*What is needed*.
Take the entries that follow and write them out again, word for word.

*Input records*.
(* Let $\Omega$ be a finite-dimensional real Euclidean space and $f_1,\dots,f_N \colon \Omega\to\mathbb{R}$ continuous convex functions such that $E = \frac1N\sum_{j=1}^N f_j$ is coercive, and suppose each $f_j$ is $\mu$-strongly convex for some $\mu>0$. Let $\theta^*$ be the minimizer of $E$. Run DualFL (described in the context) with hyperparameters $\rho = 0$ and $\nu\in(0,\mu]$, and suppose that for some $\gamma>0$ the local iterates satisfy, for all $1\le j\le N$ and $n\ge 0$, \[ \Gamma^{n,j}(\theta_j^{(n+1)}) \leq \frac{1}{N\nu(n+1)^{4+\gamma}}. \] Then the sequence $\{\theta^{(n)}\}$ generated by DualFL converges to $\theta^*$, and moreover $\|\theta^{(n)} - \theta^*\|^2 \lesssim \frac{1}{n^2}$ for $n\ge 0$ (for $n \geq 1$).
   Context: $h$ is $\mu$-strongly convex if $h-\frac{\mu}{2}\|\cdot\|^2$ is convex; $h^*(p)=\sup_x\{\langle p,x\rangle - h(x)\}$ is the Legendre--Fenchel conjugate. $A\lesssim B$ means $A\le CB$ for a constant $C>0$ independent of the iteration counter $n$. DualFL with hyperparameters $\rho\ge 0$, $\nu>0$: set $\theta^{(0)}=\theta_j^{(0)}=0\in\Omega$ ($1\le j\le N$), $\zeta_j^{(0)}=\zeta_j^{(-1)}=0\in\Omega$, $t_0=1$. For $n=0,1,2,\dots$: each client $j$ computes (by some local iterative solver) an approximate minimizer $\theta_j^{(n+1)}\in\Omega$ of $E^{n,j}(\theta) = f_j(\theta) - \nu\langle\zeta_j^{(n)},\theta\rangle$; then $\theta^{(n+1)}=\frac1N\sum_{j=1}^N\theta_j^{(n+1)}$; then with $t_{n+1} = \frac{1-\rho t_n^2 + \sqrt{(1-\rho t_n^2)^2+4t_n^2}}{2}$, $\beta_n = \frac{t_n-1}{t_{n+1}}\cdot\frac{1-t_{n+1}\rho}{1-\rho}$, each client sets $\zeta_j^{(n+1)} = (1+\beta_n)(\zeta_j^{(n)}+\theta^{(n+1)}-\theta_j^{(n+1)}) - \beta_n(\zeta_j^{(n-1)}+\theta^{(n)}-\theta_j^{(n)})$. Primal-dual gap: with $g_j(\theta)=f_j(\theta)-\frac{\nu}{2}\|\theta\|^2$ and $E^{n,j}_{\mathrm d}(\xi) = g_j^*(\xi)+\frac{1}{2\nu}\|\xi-\nu\zeta_j^{(n)}\|^2$, define $\Gamma^{n,j}(\theta) = E^{n,j}(\theta) + E^{n,j}_{\mathrm d}(\nu(\zeta_j^{(n)}-\theta))$. *)

(* Omega = 'rV[R]_d with the standard
   Euclidean inner product. *)
From HB Require Import structures.
From mathcomp Require Import all_boot all_order all_algebra.
From mathcomp Require Import all_classical all_reals all_analysis.
Set Implicit Arguments. Unset Strict Implicit. Unset Printing Implicit Defensive.
Import Order.TTheory GRing.Theory Num.Theory.
Import numFieldNormedType.Exports.
Local Open Scope ring_scope.

Section DualFL.
Variables (R : realType) (d : nat).
Notation vec := 'rV[R]_d.

Definition dot (u v : vec) : R := \sum_(i < d) u ord0 i * v ord0 i.
Definition sqnorm (u : vec) : R := dot u u.

Definition convex_fun (h : vec -> R) : Prop :=
  forall (x y : vec) (t : R), 0 <= t -> t <= 1 ->
    h (t *: x + (1 - t) *: y) <= t * h x + (1 - t) * h y.

Definition strongly_convex (mu : R) (h : vec -> R) : Prop :=
  convex_fun (fun x => h x - mu / 2 * sqnorm x).

Definition coercive (h : vec -> R) : Prop :=
  forall M : R, exists r : R, forall x : vec, r <= Num.sqrt (sqnorm x) -> M <= h x.

Definition fconj (h : vec -> R) (p : vec) : \bar R :=
  ereal_sup (range (fun x : vec => (dot p x - h x)%:E)).

Fixpoint tseq (rho : R) (n : nat) : R :=
  match n with
  | 0 => 1
  | m.+1 => let t := tseq rho m in
      (1 - rho * t ^+ 2 + Num.sqrt ((1 - rho * t ^+ 2) ^+ 2 + 4 * t ^+ 2)) / 2
  end.

Definition beta (rho : R) (n : nat) : R :=
  (tseq rho n - 1) / tseq rho n.+1 * ((1 - tseq rho n.+1 * rho) / (1 - rho)).

Variable N : nat.

(* thj n j : local iterate theta_j^(n) returned by client j (used for n >= 1);
   theta_j^(0) = 0 is enforced. *)
Definition loc (thj : nat -> 'I_N -> vec) (n : nat) (j : 'I_N) : vec :=
  if n is 0 then 0 else thj n j.

Definition avg (thj : nat -> 'I_N -> vec) (n : nat) : vec :=
  N%:R^-1 *: \sum_(j < N) loc thj n j.

(* (zeta_j^(n), zeta_j^(n-1)) *)
Fixpoint zeta_pair (rho : R) (thj : nat -> 'I_N -> vec) (j : 'I_N) (n : nat)
  : vec * vec :=
  match n with
  | 0 => (0, 0)
  | m.+1 => let zz := zeta_pair rho thj j m in
      ((1 + beta rho m) *: (zz.1 + avg thj m.+1 - loc thj m.+1 j)
        - beta rho m *: (zz.2 + avg thj m - loc thj m j), zz.1)
  end.

Definition zeta rho thj j n : vec := (zeta_pair rho thj j n).1.

Definition Eloc (f : 'I_N -> vec -> R) (nu rho : R) thj (n : nat) (j : 'I_N)
  (th : vec) : R := f j th - nu * dot (zeta rho thj j n) th.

*Finished exercise*.
(* Let $\Omega$ be a finite-dimensional real Euclidean space and $f_1,\dots,f_N \colon \Omega\to\mathbb{R}$ continuous convex functions such that $E = \frac1N\sum_{j=1}^N f_j$ is coercive, and suppose each $f_j$ is $\mu$-strongly convex for some $\mu>0$. Let $\theta^*$ be the minimizer of $E$. Run DualFL (described in the context) with hyperparameters $\rho = 0$ and $\nu\in(0,\mu]$, and suppose that for some $\gamma>0$ the local iterates satisfy, for all $1\le j\le N$ and $n\ge 0$, \[ \Gamma^{n,j}(\theta_j^{(n+1)}) \leq \frac{1}{N\nu(n+1)^{4+\gamma}}. \] Then the sequence $\{\theta^{(n)}\}$ generated by DualFL converges to $\theta^*$, and moreover $\|\theta^{(n)} - \theta^*\|^2 \lesssim \frac{1}{n^2}$ for $n\ge 0$ (for $n \geq 1$).
   Context: $h$ is $\mu$-strongly convex if $h-\frac{\mu}{2}\|\cdot\|^2$ is convex; $h^*(p)=\sup_x\{\langle p,x\rangle - h(x)\}$ is the Legendre--Fenchel conjugate. $A\lesssim B$ means $A\le CB$ for a constant $C>0$ independent of the iteration counter $n$. DualFL with hyperparameters $\rho\ge 0$, $\nu>0$: set $\theta^{(0)}=\theta_j^{(0)}=0\in\Omega$ ($1\le j\le N$), $\zeta_j^{(0)}=\zeta_j^{(-1)}=0\in\Omega$, $t_0=1$. For $n=0,1,2,\dots$: each client $j$ computes (by some local iterative solver) an approximate minimizer $\theta_j^{(n+1)}\in\Omega$ of $E^{n,j}(\theta) = f_j(\theta) - \nu\langle\zeta_j^{(n)},\theta\rangle$; then $\theta^{(n+1)}=\frac1N\sum_{j=1}^N\theta_j^{(n+1)}$; then with $t_{n+1} = \frac{1-\rho t_n^2 + \sqrt{(1-\rho t_n^2)^2+4t_n^2}}{2}$, $\beta_n = \frac{t_n-1}{t_{n+1}}\cdot\frac{1-t_{n+1}\rho}{1-\rho}$, each client sets $\zeta_j^{(n+1)} = (1+\beta_n)(\zeta_j^{(n)}+\theta^{(n+1)}-\theta_j^{(n+1)}) - \beta_n(\zeta_j^{(n-1)}+\theta^{(n)}-\theta_j^{(n)})$. Primal-dual gap: with $g_j(\theta)=f_j(\theta)-\frac{\nu}{2}\|\theta\|^2$ and $E^{n,j}_{\mathrm d}(\xi) = g_j^*(\xi)+\frac{1}{2\nu}\|\xi-\nu\zeta_j^{(n)}\|^2$, define $\Gamma^{n,j}(\theta) = E^{n,j}(\theta) + E^{n,j}_{\mathrm d}(\nu(\zeta_j^{(n)}-\theta))$. *)

(* Omega = 'rV[R]_d with the standard
   Euclidean inner product. *)
From HB Require Import structures.
From mathcomp Require Import all_boot all_order all_algebra.
From mathcomp Require Import all_classical all_reals all_analysis.
Set Implicit Arguments. Unset Strict Implicit. Unset Printing Implicit Defensive.
Import Order.TTheory GRing.Theory Num.Theory.
Import numFieldNormedType.Exports.
Local Open Scope ring_scope.

Section DualFL.
Variables (R : realType) (d : nat).
Notation vec := 'rV[R]_d.

Definition dot (u v : vec) : R := \sum_(i < d) u ord0 i * v ord0 i.
Definition sqnorm (u : vec) : R := dot u u.

Definition convex_fun (h : vec -> R) : Prop :=
  forall (x y : vec) (t : R), 0 <= t -> t <= 1 ->
    h (t *: x + (1 - t) *: y) <= t * h x + (1 - t) * h y.

Definition strongly_convex (mu : R) (h : vec -> R) : Prop :=
  convex_fun (fun x => h x - mu / 2 * sqnorm x).

Definition coercive (h : vec -> R) : Prop :=
  forall M : R, exists r : R, forall x : vec, r <= Num.sqrt (sqnorm x) -> M <= h x.

Definition fconj (h : vec -> R) (p : vec) : \bar R :=
  ereal_sup (range (fun x : vec => (dot p x - h x)%:E)).

Fixpoint tseq (rho : R) (n : nat) : R :=
  match n with
  | 0 => 1
  | m.+1 => let t := tseq rho m in
      (1 - rho * t ^+ 2 + Num.sqrt ((1 - rho * t ^+ 2) ^+ 2 + 4 * t ^+ 2)) / 2
  end.

Definition beta (rho : R) (n : nat) : R :=
  (tseq rho n - 1) / tseq rho n.+1 * ((1 - tseq rho n.+1 * rho) / (1 - rho)).

Variable N : nat.

(* thj n j : local iterate theta_j^(n) returned by client j (used for n >= 1);
   theta_j^(0) = 0 is enforced. *)
Definition loc (thj : nat -> 'I_N -> vec) (n : nat) (j : 'I_N) : vec :=
  if n is 0 then 0 else thj n j.

Definition avg (thj : nat -> 'I_N -> vec) (n : nat) : vec :=
  N%:R^-1 *: \sum_(j < N) loc thj n j.

(* (zeta_j^(n), zeta_j^(n-1)) *)
Fixpoint zeta_pair (rho : R) (thj : nat -> 'I_N -> vec) (j : 'I_N) (n : nat)
  : vec * vec :=
  match n with
  | 0 => (0, 0)
  | m.+1 => let zz := zeta_pair rho thj j m in
      ((1 + beta rho m) *: (zz.1 + avg thj m.+1 - loc thj m.+1 j)
        - beta rho m *: (zz.2 + avg thj m - loc thj m j), zz.1)
  end.

Definition zeta rho thj j n : vec := (zeta_pair rho thj j n).1.

Definition Eloc (f : 'I_N -> vec -> R) (nu rho : R) thj (n : nat) (j : 'I_N)
  (th : vec) : R := f j th - nu * dot (zeta rho thj j n) th.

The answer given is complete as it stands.